Kent Foster, New Hungarian Foodie

All loaves of bread in Hungary have this paper that is glued or somehow stuck to the crust that never comes off easily. This tasty little loaf was US$.75. "Pentekig" means that is fresh until Friday, two days later.

When the peaches and plums are 168 forint to the kilo (US 35 cents a pound) I’m buying. I also bought sour cherries, but they, like these, were overripe so I quickly sorted the best ones and froze them.

Now that I can cook in a temporary place of my own, I take advantage of the typical Hungarian specialities on offer in the fresh market behind the Mammut shopping mall. I bought duck and goose legs though I’d never cooked either before. It was a challenge (i.e., I almost burned the whole apartment block down), but there’s not much meat on such poultry, plus it’s very fatty.

I have been in consultations with my pro chef friend, Lynn. She is starting a business and this is the beginning of her website. I think I am going to buy some mangalica pork, a startlingly distinctive, uniquely Hungarian pig, something close to a wild boar (Here is a webpage from Japan(!) about it.) It’s supposed to have much leaner meat. I’ll cook that in some fashion and then make a sauce from the pitted sour cherries with wine. Lynn says wine but I don’t have any so rubbing alcohol should do.
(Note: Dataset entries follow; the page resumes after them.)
Lemma F_images :
  sinf @: Fblk N m 1 = Fblk N m M /\
  (forall i, 2 <= i <= M -> sinf @: Fblk N m i = Fblk N m i.-1) /\
  s1 @: Fblk N m M = Fblk N m M /\
  (forall i, 1 <= i <= M - 1 -> s1 @: Fblk N m i = Fblk N m (M - i)) /\
  (forall i, 1 <= i <= M -> s0 @: Fblk N m i = Fblk N m (M - i + 1)) /\
  (forall j i, 1 <= i <= M -> tau j @: Fblk N m i = Fblk N m i).
Proof.
have sinfF := Fblk_translate m_gt0 M_le_N (G_maps_Fblocks sinf_in_G) sinf_res.
have s1F := Fblk_reflect m_gt0 M_le_N (G_maps_Fblocks s1_in_G) s1_res.
have s0F := Fblk_reflect m_gt0 M_le_N (G_maps_Fblocks s0_in_G) s0_res.
split; first by apply: sinfF; rewrite modnDl.
split; first by move=> i /andP [i_ge2 _]; apply: sinfF; rewrite addn1 prednK //; lia.
split; first by apply: s1F; rewrite -addnA !modnDl.
split; first by move=> i /andP [_ i_le]; apply: s1F; rewrite subnK ?modnDl //; lia.
split.
  move=> i /andP [_ i_le]; apply: s0F.
  have -> : M - i + 1 + i + 1 = M + 2 by lia.
  by rewrite modnDl.
move=> j i _.
apply: (Fblk_translate m_gt0 M_le_N (G_maps_Fblocks (tau_in_G j)) (tau_res0 j)).
by rewrite addn0.
Qed.

Lemma E_images :
  sinf @: Eblk N m 1 = Eblk N m m /\
  (forall i, 2 <= i <= m -> sinf @: Eblk N m i = Eblk N m i.-1) /\
  s1 @: Eblk N m m = Eblk N m m /\
  (forall i, 1 <= i <= m - 1 -> s1 @: Eblk N m i = Eblk N m (m - i)) /\
  (forall i, 1 <= i <= m -> s0 @: Eblk N m i = Eblk N m (m - i + 1)) /\
  (forall j i, 1 <= i <= m -> tau j @: Eblk N m i = Eblk N m i).
Proof.
have sinfE := Eblk_translate m_gt0 M_le_N (G_maps_Fblocks sinf_in_G) sinf_res.
have s1E := Eblk_reflect m_gt0 M_le_N (G_maps_Fblocks s1_in_G) s1_res.
have s0E := Eblk_reflect m_gt0 M_le_N (G_maps_Fblocks s0_in_G) s0_res.
split; first by apply: sinfE; rewrite modnDl.
split; first by move=> i /andP [i_ge2 _]; apply: sinfE; rewrite addn1 prednK //; lia.
split; first by apply: s1E; rewrite -addnA !modnDl.
split; first by move=> i /andP [_ i_le]; apply: s1E; rewrite subnK ?modnDl //; lia.
split.
  move=> i /andP [_ i_le]; apply: s0E.
  have -> : m - i + 1 + i + 1 = m + 2 by lia.
  by rewrite modnDl.
move=> j i _.
apply: (Eblk_translate m_gt0 M_le_N (G_maps_Fblocks (tau_in_G j)) (tau_res0 j)).
by rewrite addn0.
Qed.

Lemma G_preserves_E : preserves_partition G (Epart N m).
Proof.
apply: preserves_partition_gen => g gens _ /imsetP [j _ ->].
have j_lt := ltn_ord j.
case/setUP: gens => [|/imsetP [i _ ->]]; last first.
  rewrite (Eblk_translate (h' := j.+1) m_gt0 M_le_N
             (G_maps_Fblocks (tau_in_G i)) (tau_res0 i)) ?addn0 //.
  exact: Eblk_in_Epart _ m_gt0 _.
rewrite !inE -orbA; case/or3P => /eqP ->.
- rewrite (Eblk_reflect (h' := m - j.+1 + 1) m_gt0 M_le_N
             (G_maps_Fblocks s0_in_G) s0_res) ?(Eblk_in_Epart _ m_gt0) //.
  have -> : m - j.+1 + 1 + j.+1 + 1 = m + 2 by lia.
  by rewrite modnDl.
- rewrite (Eblk_translate (h' := j.+1 + m.-1) m_gt0 M_le_N
             (G_maps_Fblocks sinf_in_G) sinf_res) ?(Eblk_in_Epart _ m_gt0) //.
  by rewrite -addnA addn1 prednK ?m_gt0 // modnDr.
rewrite (Eblk_reflect (h' := m - j.+1) m_gt0 M_le_N
           (G_maps_Fblocks s1_in_G) s1_res) ?(Eblk_in_Epart _ m_gt0) //.
by rewrite subnK ?modnDl.
Qed.

(* A fixed point x of s1 satisfies 2 (x + 1) = 0 mod 2m, so its label
   x + 1 lies in E_m. *)
Lemma s1_fixed_in_Em : forall x, s1 x = x -> x \in Eblk N m m.
Proof.
move=> x fx; have := s1_res x; rewrite fx (_ : x + x + 2 = (x.+1).*2); last by lia.
rewrite mod0n => /eqP; rewrite -/(dvdn M _) -!muln2 dvdn_pmul2r // => m_dvd.
by rewrite inE modnn.
Qed.
End Monodromy.

Theorem lemma7p1 (d n : nat) (s0 sinf s1 : {perm 'I_(n.*2)}) (k : nat)
    (tau : 'I_k -> {perm 'I_(n.*2)}) (m : nat) :
  (2 <= d)%N ->
  pell_monodromy_tuple n d s0 sinf s1 k tau ->
  (* labelling: sinf = (2n, 2n-1, ..., 1), i.e. j |-> j-1 and 1 |-> 2n *)
  (forall i : 'I_(n.*2), val (sinf i) = (i + (n.*2).-1) %% n.*2) ->
  (* 2n is fixed by s1 and by every tau_i *)
  (forall x : 'I_(n.*2), val x = (n.*2).-1 -> s1 x = x /\ forall j, tau j x = x) ->
  (m %| n)%N -> (d <= n %/ m)%N ->
  preserves_partition (mono_group s0 sinf s1 tau) (Fpart (n.*2) m) ->
  preserves_partition (mono_group s0 sinf s1 tau) (Epart (n.*2) m)
  /\ (sinf @: Fblk (n.*2) m 1 = Fblk (n.*2) m m.*2 /\
        (forall i, (2 <= i <= m.*2)%N -> sinf @: Fblk (n.*2) m i = Fblk (n.*2) m i.-1) /\
        s1 @: Fblk (n.*2) m m.*2 = Fblk (n.*2) m m.*2 /\
        (forall i, (1 <= i <= m.*2 - 1)%N -> s1 @: Fblk (n.*2) m i = Fblk (n.*2) m (m.*2 - i)) /\
        (forall i, (1 <= i <= m.*2)%N -> s0 @: Fblk (n.*2) m i = Fblk (n.*2) m (m.*2 - i + 1)) /\
        (forall j i, (1 <= i <= m.*2)%N -> tau j @: Fblk (n.*2) m i = Fblk (n.*2) m i))
  /\ (sinf @: Eblk (n.*2) m 1 = Eblk (n.*2) m m /\
        (forall i, (2 <= i <= m)%N -> sinf @: Eblk (n.*2) m i = Eblk (n.*2) m i.-1) /\
        s1 @: Eblk (n.*2) m m = Eblk (n.*2) m m /\
        (forall i, (1 <= i <= m - 1)%N -> s1 @: Eblk (n.*2) m i = Eblk (n.*2) m (m - i)) /\
        (forall i, (1 <= i <= m)%N -> s0 @: Eblk (n.*2) m i = Eblk (n.*2) m (m - i + 1)) /\
        (forall j i, (1 <= i <= m)%N -> tau j @: Eblk (n.*2) m i = Eblk (n.*2) m i))
  /\ (forall x, s1 x = x -> x \in Eblk (n.*2) m m).
Proof.
move=> d_ge2 [_ [product [sinf_cycle [s0_even [[s1_fix s1_even] [tau_budget hurwitz]]]]]].
move=> sinf_label last_fixed m_dvd_n d_le_quot G_preserves_F.
have s1_fixes_last x : val x = (n.*2).-1 -> s1 x = x by case/last_fixed.
split; first by apply: (G_preserves_E d_ge2 m_dvd_n d_le_quot G_preserves_F).
split; first by apply: (F_images d_ge2 m_dvd_n d_le_quot G_preserves_F).
split; first by apply: (E_images d_ge2 m_dvd_n d_le_quot G_preserves_F).
by apply: (s1_fixed_in_Em d_ge2 m_dvd_n d_le_quot G_preserves_F).
Qed.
Hungary is a great pork country. One theory about this is that during the Ottoman occupation, the muslims wanted no part of the Hungarians’ pigs so they were allowed to keep them unmolested and their love for them flourished.
I’m a wee bit miffed at my friends that I had to discover mangalica on my own. It’s going to be fantastic, I’m sure, if I don’t burn down all of Buda first. I might get a little of the smoked stuff, a little sausage, and a cut of some sort to try with the sour cherry sauce. Did I mention I weigh 300kg?

I made a salad—I really did; no one has hijacked my blog—of leaf lettuce, carrots, ewe cheese, diced pork chunks, balsamic vinegar and olive oil. As we say food professionals say, it was delish.

Fried brown rice with carrots, garlic, onions, ginger, horse sausage and smoked pork. I am in a cooking frenzy!